P.S. People say that instead of going straight from 6.4 to 8.2 it is always better to do several gradual upgrades 6.4 -> 7.0 -> 7.4 -> 8.0 -> 8.2. Never faced this challenge by myself but this is what other people usually recommend...


----------



## burkoff (Jul 20, 2011)

Do you think that a '*freebsd-update*' will happen? 
@Vand777 proposal is very good but it will take several days and the client will not like it 

Has anyone done something similar?


----------



## tingo (Jul 21, 2011)

If you have time issues (in other words, if downtime is not a good thing), you can always do it the other way:

acquire a new server
install new os and application on new server, configure and test thoroughly
transfer the service(s) to the new server
re-purpose or scrap the old server
A bit more expensive, but avoids long downtime. also, if you can use virtual server(s), you don't have old hardware to scrap the next time.


----------



## Zare (Jul 21, 2011)

I can't say anything particular about cPanel - if it relies on server programs installed from FreeBSD ports then you'll have to recompile those. It it's linked to base libraries found in sixth release, then you'll have versioning problems. FreeBSD has an extremely stable ABI/API and there's a big chance that you can fix those by just using symlinks to newer version of the libs. But it would be smarter, in this case, to install cPanel that's linked to 8.2 libs.

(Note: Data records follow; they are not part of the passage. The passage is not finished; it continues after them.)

(* Let $\lambda,\mu,\nu\in\mathcal{P}_k^+$. (i) The coefficient $f^\nu_{\lambda\mu}$ equals the cardinality of $\{(w,w')\in S^\lambda\times S^\mu:\lambda\circ w+\mu\circ w'=\nu\}$. (ii) $\chi_{\lambda/\mu}$ equals the cardinality of $\{w\in S^\mu:\mu_{w(i)}\le\lambda_i\text{ for all }i\in[k]\}$.
   Context: $[k]=\{1,\dots,k\}$. $\mathcal{P}_k^+$ is the set of $\lambda\in\mathbb{Z}^k$ with $\lambda_1\ge\cdots\ge\lambda_k\ge0$, identified with partitions having at most $k$ nonzero parts. $f^\nu_{\lambda\mu}$ is defined by $m_\lambda m_\mu=\sum_\nu f^\nu_{\lambda\mu}m_\nu$ in the ring of symmetric functions ($m_\lambda$ the monomial symmetric functions). For $\lambda\in\mathbb{Z}^k$ and $w\in S_k$, $\lambda\circ w=(\lambda_{w(1)},\dots,\lambda_{w(k)})$; $S_\lambda\subset S_k$ is the stabiliser of $\lambda$, and $S^\lambda$ is the set of minimal length (with respect to the simple transpositions) representatives of the right cosets $S_\lambda\backslash S_k$. For partitions $\lambda,\mu$ with conjugates $\lambda',\mu'$, $\chi_{\lambda/\mu}=\prod_{i\ge1}\binom{\lambda'_i-\mu'_{i+1}}{\mu'_i-\mu'_{i+1}}$ if $\mu\subset\lambda$ and $0$ otherwise. *)

From HB Require Import structures.
From mathcomp Require Import all_boot all_order all_algebra all_fingroup.
From mathcomp Require Import mpoly.
Set Implicit Arguments. Unset Strict Implicit. Unset Printing Implicit Defensive.
Import GRing.Theory.

(* A vector lambda in Z^k (with nonnegative entries) is a finite function 'I_k -> nat. *)
Notation vec k := {ffun 'I_k -> nat}.

Definition dominant k (l : vec k) : Prop :=
  forall i j : 'I_k, (i <= j)%N -> (l j <= l i)%N.

Definition actv k (l : vec k) (w : {perm 'I_k}) : vec k := [ffun i => l (w i)].

(* the simple transposition s_j = (j j+1), used for j : 'I_k with j.+1 < k *)
Definition stransp k (j : 'I_k) : {perm 'I_k} := tperm j (insubd j j.+1).

Definition word_len k (w : {perm 'I_k}) (n : nat) : Prop :=
  exists s : seq 'I_k, [/\ size s = n, all (fun j : 'I_k => j.+1 < k)%N s &
                          w = (\prod_(j <- s) stransp j)%g].

Definition len_le k (w v : {perm 'I_k}) : Prop :=
  forall n, word_len v n -> exists2 m, (m <= n)%N & word_len w m.

Definition stab k (l : vec k) (u : {perm 'I_k}) : Prop := actv l u = l.

(* the right coset S_lambda w = { u o w : u in S_lambda }; in mathcomp (w * u)%g
   is the map i |-> u (w i), i.e. the composition u o w *)
Definition in_rcoset k (l : vec k) (w v : {perm 'I_k}) : Prop :=
  exists2 u, stab l u & v = (w * u)%g.

Definition minrep k (l : vec k) (w : {perm 'I_k}) : Prop :=
  forall v, in_rcoset l w v -> len_le w v.

Definition card_is (T : finType) (P : T -> Prop) (c : nat) : Prop :=
  exists A : {set T}, (forall x, x \in A <-> P x) /\ #|A| = c.

Definition pad k n (l : vec k) : 'I_n -> nat :=
  fun i => oapp l 0%N (insub (val i) : option 'I_k).
Arguments pad {k} n l _.

Definition msymm n (a : 'I_n -> nat) : {mpoly int[n]} :=
  (\sum_(m <- undup [seq [multinom a (s i) | i < n] | s : {perm 'I_n} <- enum {perm 'I_n}])
     'X_[m])%R.

(* f^nu_{lambda mu} computed in Lambda_n (n >= k): coefficient of m_nu in
   m_lambda m_mu, i.e. the coefficient of the monomial x^nu *)
Definition fcoef k n (l m v : vec k) : int :=
  ((msymm (pad n l) * msymm (pad n m)) @_ [multinom pad n v i | i < n])%R.

Definition conjp k (l : vec k) (i : nat) : nat := #|[set j : 'I_k | (i <= l j)%N]|.

Definition subpart k (m l : vec k) : bool := [forall j, (m j <= l j)%N].

(* Factors with i > lambda_1 are binom(0,0)=1 when mu ⊂ lambda,
   so the product is taken over 1 <= i <= max_j lambda_j. *)
Definition chi k (l m : vec k) : nat :=
  if subpart m l then
    (\prod_(1 <= i < (\max_(j : 'I_k) l j).+1)
       'C(conjp l i - conjp m i.+1, conjp m i - conjp m i.+1))%N
  else 0%N.
(* Let $\mathbb K$ be an algebraically closed field and let $q\in\mathbb K$ be nonzero and not a root of unity. Let $U_q(\widehat{sl}_2)$ be the unital associative $\mathbb K$-algebra with generators $e^{\pm}_i, K_i^{\pm1}$ ($i\in\{0,1\}$) and relations $K_iK_i^{-1}=K_i^{-1}K_i=1$; $K_0K_1=K_1K_0$; $K_ie^{\pm}_iK_i^{-1}=q^{\pm2}e^{\pm}_i$; $K_ie^{\pm}_jK_i^{-1}=q^{\mp2}e^{\pm}_j$ for $i\neq j$; $[e^+_i,e^-_i]=\frac{K_i-K_i^{-1}}{q-q^{-1}}$; $[e^{\pm}_0,e^{\mp}_1]=0$; and $(e^{\pm}_i)^3e^{\pm}_j-[3]_q(e^{\pm}_i)^2e^{\pm}_je^{\pm}_i+[3]_qe^{\pm}_ie^{\pm}_j(e^{\pm}_i)^2-e^{\pm}_j(e^{\pm}_i)^3=0$ for $i\neq j$. Let $\mathcal U$ be the unital associative $\mathbb K$-algebra with generators $y^{\pm}_i, k_i^{\pm1}$ ($i\in\{0,1\}$) and relations $k_ik_i^{-1}=k_i^{-1}k_i=1$; $k_0k_1$ is central; $\frac{qy^+_ik_i-q^{-1}k_iy^+_i}{q-q^{-1}}=1$; $\frac{qk_iy^-_i-q^{-1}y^-_ik_i}{q-q^{-1}}=1$; $\frac{qy^-_iy^+_i-q^{-1}y^+_iy^-_i}{q-q^{-1}}=1$; $\frac{qy^+_iy^-_j-q^{-1}y^-_jy^+_i}{q-q^{-1}}=k_0^{-1}k_1^{-1}$ for $i\neq j$; and $(y^{\pm}_i)^3y^{\pm}_j-[3]_q(y^{\pm}_i)^2y^{\pm}_jy^{\pm}_i+[3]_qy^{\pm}_iy^{\pm}_j(y^{\pm}_i)^2-y^{\pm}_j(y^{\pm}_i)^3=0$ for $i\neq j$. Then there is an isomorphism of $\mathbb K$-algebras $\mathcal U\to U_q(\widehat{sl}_2)$ given by $k_i^{\pm1}\mapsto K_i^{\pm1}$, $y^-_i\mapsto K_i^{-1}+e^-_i$, $y^+_i\mapsto K_i^{-1}-q(q-q^{-1})^2K_i^{-1}e^+_i$, whose inverse is given by $K_i^{\pm1}\mapsto k_i^{\pm1}$, $e^-_i\mapsto y^-_i-k_i^{-1}$, $e^+_i\mapsto \frac{1-k_iy^+_i}{q(q-q^{-1})^2}$.
   Context: $[n]_q=\frac{q^n-q^{-n}}{q-q^{-1}}$ for $n\ge 0$; $[X,Y]=XY-YX$. *)

(* Algebras given by generators and relations are encoded
   through their universal property. *)
From HB Require Import structures.
From mathcomp Require Import all_boot all_order all_algebra.
Set Implicit Arguments. Unset Strict Implicit. Unset Printing Implicit Defensive.
Import Order.TTheory GRing.Theory Num.Theory.
Local Open Scope ring_scope.

Definition qint (F : fieldType) (q : F) (n : nat) : F :=
  (q ^+ n - q ^- n) / (q - q^-1).

Definition not_root_of_unity (F : fieldType) (q : F) : Prop :=
  forall n : nat, (0 < n)%N -> q ^+ n != 1.

Definition alg_hom (F : fieldType) (A C : algType F) (f : A -> C) : Prop :=
  [/\ forall x y, f (x + y) = f x + f y,
      forall (a : F) x, f (a *: x) = a *: f x,
      f 1 = 1 &
      forall x y, f (x * y) = f x * f y].

Definition serre (F : fieldType) (q : F) (A : algType F) (x y : A) : A :=
  x ^+ 3 * y - qint q 3 *: (x ^+ 2 * y * x) + qint q 3 *: (x * y * x ^+ 2)
  - y * x ^+ 3.

Record Uq_gens (F : fieldType) (A : algType F) := UqGens {
  ep : 'I_2 -> A;
  em : 'I_2 -> A;
  Kp : 'I_2 -> A;
  Km : 'I_2 -> A
}.

Definition Uq_rel (F : fieldType) (q : F) (A : algType F) (g : Uq_gens A) : Prop :=
  (forall i, Kp g i * Km g i = 1 /\ Km g i * Kp g i = 1) /\
  (Kp g 0 * Kp g 1 = Kp g 1 * Kp g 0) /\
  (forall i, Kp g i * ep g i * Km g i = q ^+ 2 *: ep g i
             /\ Kp g i * em g i * Km g i = q ^- 2 *: em g i) /\
  (forall i j, i != j ->
               Kp g i * ep g j * Km g i = q ^- 2 *: ep g j
             /\ Kp g i * em g j * Km g i = q ^+ 2 *: em g j) /\
  (forall i, ep g i * em g i - em g i * ep g i
                = (q - q^-1)^-1 *: (Kp g i - Km g i)) /\
  (ep g 0 * em g 1 - em g 1 * ep g 0 = 0
        /\ em g 0 * ep g 1 - ep g 1 * em g 0 = 0) /\
  (forall i j, i != j ->
        serre q (ep g i) (ep g j) = 0 /\ serre q (em g i) (em g j) = 0).

Definition Uq_hom_on_gens (F : fieldType) (A C : algType F)
    (g : Uq_gens A) (h : Uq_gens C) (f : A -> C) : Prop :=
  forall i, [/\ f (ep g i) = ep h i, f (em g i) = em h i,
                f (Kp g i) = Kp h i & f (Km g i) = Km h i].

Definition is_Uq (F : fieldType) (q : F) (A : algType F) (g : Uq_gens A) : Prop :=
  Uq_rel q g /\
  forall (C : algType F) (h : Uq_gens C), Uq_rel q h ->
    exists f : A -> C, [/\ alg_hom f, Uq_hom_on_gens g h f &
      forall f' : A -> C, alg_hom f' -> Uq_hom_on_gens g h f' -> f' =1 f].

Record U_gens (F : fieldType) (A : algType F) := UGens {
  yp : 'I_2 -> A;
  ym : 'I_2 -> A;
  kp : 'I_2 -> A;
  km : 'I_2 -> A
}.

Definition U_rel (F : fieldType) (q : F) (A : algType F) (g : U_gens A) : Prop :=
  let c := kp g 0 * kp g 1 in
  (forall i, kp g i * km g i = 1 /\ km g i * kp g i = 1) /\
  (forall i, [/\ c * yp g i = yp g i * c, c * ym g i = ym g i * c,
                 c * kp g i = kp g i * c & c * km g i = km g i * c]) /\
  (forall i, (q - q^-1)^-1 *: (q *: (yp g i * kp g i) - q^-1 *: (kp g i * yp g i)) = 1) /\
  (forall i, (q - q^-1)^-1 *: (q *: (kp g i * ym g i) - q^-1 *: (ym g i * kp g i)) = 1) /\
  (forall i, (q - q^-1)^-1 *: (q *: (ym g i * yp g i) - q^-1 *: (yp g i * ym g i)) = 1) /\
  (forall i j, i != j ->
        (q - q^-1)^-1 *: (q *: (yp g i * ym g j) - q^-1 *: (ym g j * yp g i))
          = km g 0 * km g 1) /\
  (forall i j, i != j ->
        serre q (yp g i) (yp g j) = 0 /\ serre q (ym g i) (ym g j) = 0).

Definition U_hom_on_gens (F : fieldType) (A C : algType F)
    (g : U_gens A) (h : U_gens C) (f : A -> C) : Prop :=
  forall i, [/\ f (yp g i) = yp h i, f (ym g i) = ym h i,
                f (kp g i) = kp h i & f (km g i) = km h i].

Definition is_U (F : fieldType) (q : F) (A : algType F) (g : U_gens A) : Prop :=
  U_rel q g /\
  forall (C : algType F) (h : U_gens C), U_rel q h ->
    exists f : A -> C, [/\ alg_hom f, U_hom_on_gens g h f &
      forall f' : A -> C, alg_hom f' -> U_hom_on_gens g h f' -> f' =1 f].

From HB Require Import structures.
From mathcomp Require Import all_boot all_order all_algebra.
From mathcomp Require Import ring.
Set Implicit Arguments. Unset Strict Implicit. Unset Printing Implicit Defensive.
Import Order.TTheory GRing.Theory Num.Theory.
Local Open Scope ring_scope.

(** With [E_i = q (q - q^-1)^2 e^+_i] and [F_i = e^-_i], the substitutions
    [y^+_i = K_i^-1 - K_i^-1 E_i], [y^-_i = K_i^-1 + F_i] and
    [E_i = 1 - k_i y^+_i], [F_i = y^-_i - k_i^-1] are mutually inverse, so it
    suffices to show that the relations of each algebra hold for the substituted
    generators of the other.  For the quadratic relations both sides reduce to the
    same normal form once words are reordered, by the q-commutation relations, so
    that the group-like generators stand to the left.  The q-Serre relations transfer
    because, when [a] and [b] commute and [f], [g] q-commute with them with opposite
    weights, [serre (a + f) (b + g) = serre f g] and
    [serre (a - a f) (b - b g) = a^3 b serre f g].  The universal properties then give
    algebra maps in both directions whose composites fix the generators, hence are
    the identity. *)

(** * Normal ordering modulo quadratic rewriting rules *)

(** A monomial [(c, (e, w))] stands for [c t^e x_(w_1) ... x_(w_n)] and a rule
    [(i, j, r)] for the equation [x_i x_j = r].  The tactic [nc_normalize env t]
    proves an equation between algebra expressions in the letters [env], with
    coefficients Laurent polynomials in [t], using as rules every hypothesis
    [x * y = r] with [x], [y] in [env]: both sides are expanded, rewritten a bounded
    number of times (one redex per monomial and step) and compared coefficientwise. *)

Inductive sexpr : Type :=
  | SVar | SVarInv | SVarExpN of nat | SOne
  | SAdd of sexpr & sexpr | SOpp of sexpr | SMul of sexpr & sexpr | SExp of sexpr & nat.

Inductive aexpr : Type :=
  | ALetter of nat | AZero | AOne
  | AAdd of aexpr & aexpr | AOpp of aexpr | AMul of aexpr & aexpr
  | AExp of aexpr & nat | AScale of sexpr & aexpr.

Definition monomial := (int * (int * seq nat))%type.
Definition npoly := seq monomial.
Definition rule := (nat * nat * aexpr)%type.

Definition monomial_mul (m1 m2 : monomial) : monomial :=
  (m1.1 * m2.1, (m1.2.1 + m2.2.1, m1.2.2 ++ m2.2.2)).
Definition npoly_mul (p1 p2 : npoly) : npoly :=
  [seq monomial_mul m1 m2 | m1 <- p1, m2 <- p2].
Definition npoly_opp (p : npoly) : npoly := [seq (- m.1, m.2) | m <- p].
Definition npoly_term (c e : int) (w : seq nat) : npoly := [:: (c, (e, w))].
Fixpoint npoly_exp (p : npoly) (n : nat) : npoly :=
  if n is n'.+1 then npoly_mul p (npoly_exp p n') else npoly_term 1 0 [::].

Fixpoint npoly_of_sexpr (s : sexpr) : npoly :=
  match s with
  | SVar => npoly_term 1 1 [::]
  | SVarInv => npoly_term 1 (-1) [::]
  | SVarExpN n => npoly_term 1 (- n%:Z) [::]
  | SOne => npoly_term 1 0 [::]
  | SAdd a b => npoly_of_sexpr a ++ npoly_of_sexpr b
  | SOpp a => npoly_opp (npoly_of_sexpr a)
  | SMul a b => npoly_mul (npoly_of_sexpr a) (npoly_of_sexpr b)
  | SExp a n => npoly_exp (npoly_of_sexpr a) n
  end.

Fixpoint npoly_of_aexpr (e : aexpr) : npoly :=
  match e with
  | ALetter i => npoly_term 1 0 [:: i]
  | AZero => [::]
  | AOne => npoly_term 1 0 [::]
  | AAdd a b => npoly_of_aexpr a ++ npoly_of_aexpr b
  | AOpp a => npoly_opp (npoly_of_aexpr a)
  | AMul a b => npoly_mul (npoly_of_aexpr a) (npoly_of_aexpr b)
  | AExp a n => npoly_exp (npoly_of_aexpr a) n
  | AScale s a => npoly_mul (npoly_of_sexpr s) (npoly_of_aexpr a)
  end.

Fixpoint rule_rhs (rs : seq rule) (x y : nat) : option aexpr :=
  if rs is r :: rs' then
    if (r.1.1 == x) && (r.1.2 == y) then Some r.2 else rule_rhs rs' x y
  else None.

Fixpoint redex (rs : seq rule) (w : seq nat) : option (seq nat * aexpr * seq nat) :=
  if w is x :: w' then
    if w' is y :: w'' then
      if rule_rhs rs x y is Some r then Some ([::], r, w'')
      else omap (fun uev => (x :: uev.1.1, uev.1.2, uev.2)) (redex rs w')
    else None
  else None.

Definition rewrite_monomial rs (m : monomial) : npoly :=
  if redex rs m.2.2 is Some (u, r, v) then
    npoly_mul (npoly_mul (npoly_term m.1 m.2.1 u) (npoly_of_aexpr r)) (npoly_term 1 0 v)
  else [:: m].

Definition rewrite_step rs (p : npoly) : npoly := flatten (map (rewrite_monomial rs) p).

Definition npoly_coef (p : npoly) (k : int * seq nat) : int :=
  foldr (fun m c => if m.2 == k then m.1 + c else c) 0 p.

Definition npoly_eqb (p1 p2 : npoly) : bool :=
  all (fun k => npoly_coef p1 k == npoly_coef p2 k) (undup (map snd p1 ++ map snd p2)).

Section Semantics.
Variables (F : fieldType) (t : F) (A : algType F) (env : seq A).

Fixpoint seval (s : sexpr) : F :=
  match s with
  | SVar => t
  | SVarInv => t^-1
  | SVarExpN n => t ^- n
  | SOne => 1
  | SAdd a b => seval a + seval b
  | SOpp a => - seval a
  | SMul a b => seval a * seval b
  | SExp a n => seval a ^+ n
  end.

Fixpoint aeval (e : aexpr) : A :=
  match e with
  | ALetter i => nth 0 env i
  | AZero => 0
  | AOne => 1
  | AAdd a b => aeval a + aeval b
  | AOpp a => - aeval a
  | AMul a b => aeval a * aeval b
  | AExp a n => aeval a ^+ n
  | AScale s a => seval s *: aeval a
  end.

Definition word (w : seq nat) : A := foldr (fun i a => nth 0 env i * a) 1 w.
Definition monomial_eval (m : monomial) : A := (m.1%:~R * t ^ m.2.1) *: word m.2.2.
Definition npoly_eval (p : npoly) : A := \sum_(m <- p) monomial_eval m.

Definition rules_hold (rs : seq rule) : Prop :=
  foldr (fun r P => nth 0 env r.1.1 * nth 0 env r.1.2 = aeval r.2 /\ P) True rs.
Definition rules_imply (rs : seq rule) (P : Prop) : Prop :=
  foldr (fun r P => nth 0 env r.1.1 * nth 0 env r.1.2 = aeval r.2 -> P) P rs.

Lemma rules_implyP rs (P : Prop) : (rules_hold rs -> P) -> rules_imply rs P.
Proof.
by elim: rs => [|r rs IH] /= HP; [exact: HP | move=> hr; apply: IH => hrs; exact: HP].
Qed.

Lemma word_cat u v : word (u ++ v) = word u * word v.
Proof. by elim: u => [|i u IH] /=; rewrite ?mul1r // IH mulrA. Qed.

Lemma npoly_eval_cat p1 p2 : npoly_eval (p1 ++ p2) = npoly_eval p1 + npoly_eval p2.
Proof. exact: big_cat. Qed.

Lemma npoly_eval_term c e w : npoly_eval (npoly_term c e w) = (c%:~R * t ^ e) *: word w.
Proof. by rewrite /npoly_eval big_seq1. Qed.

Lemma npoly_eval_opp p : npoly_eval (npoly_opp p) = - npoly_eval p.
Proof.
rewrite /npoly_eval big_map -sumrN; apply: eq_bigr => m _.
by rewrite /monomial_eval /= mulrNz mulNr scaleNr.
Qed.

Hypothesis t0 : t != 0.

Lemma monomial_eval_mul m1 m2 :
  monomial_eval (monomial_mul m1 m2) = monomial_eval m1 * monomial_eval m2.
Proof.
by rewrite /monomial_eval /= word_cat intrM expfzDr // -scalerAl -scalerAr scalerA mulrACA.
Qed.

Lemma npoly_eval_mul p1 p2 : npoly_eval (npoly_mul p1 p2) = npoly_eval p1 * npoly_eval p2.
Proof.
rewrite /npoly_eval big_allpairs_dep mulr_suml; apply: eq_bigr => m1 _.
by rewrite mulr_sumr; apply: eq_bigr => m2 _; rewrite monomial_eval_mul.
Qed.

Lemma npoly_eval_exp p n : npoly_eval (npoly_exp p n) = npoly_eval p ^+ n.
Proof.
by elim: n => [|n IH] /=; rewrite ?npoly_eval_mul ?IH -?exprS // npoly_eval_term mulr1 scale1r.
Qed.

It shouldn't be more than one hour, for a single major version update via freebsd-update. If it's really essential for you to have minimal downtime and update that server, as opposed to migrating userland to a new server, this is what I'd do;

- install both 7.4 and 8.2 releases inside virtual machines (on desktop)
- compile all ports you have on production server, and make packages, on both 7.4 and 8.2 system
- test cpanel binaries on both. that means physical copy of all files off production server
- if it works, great. if it doesn't, mark all steps necessary to make the 6.4-7.4 transition work, and then transfer program from 7.4 to 8.2, and mark all steps necessary to make it work on 8.2
- script those steps. use virtual supervisors' snapshotting abilities to retain testing states.
- freebsd-update from 6.4 to 7.4. install kernel updates. reboot. install userland. remove all ports and install precompiled packeges from step 2 for 7.4. finish update and reboot.
- run the script, if you need to.
- at another scheduled 1 h downtime, repeat steps for 7.4-8.2 upgrade


----------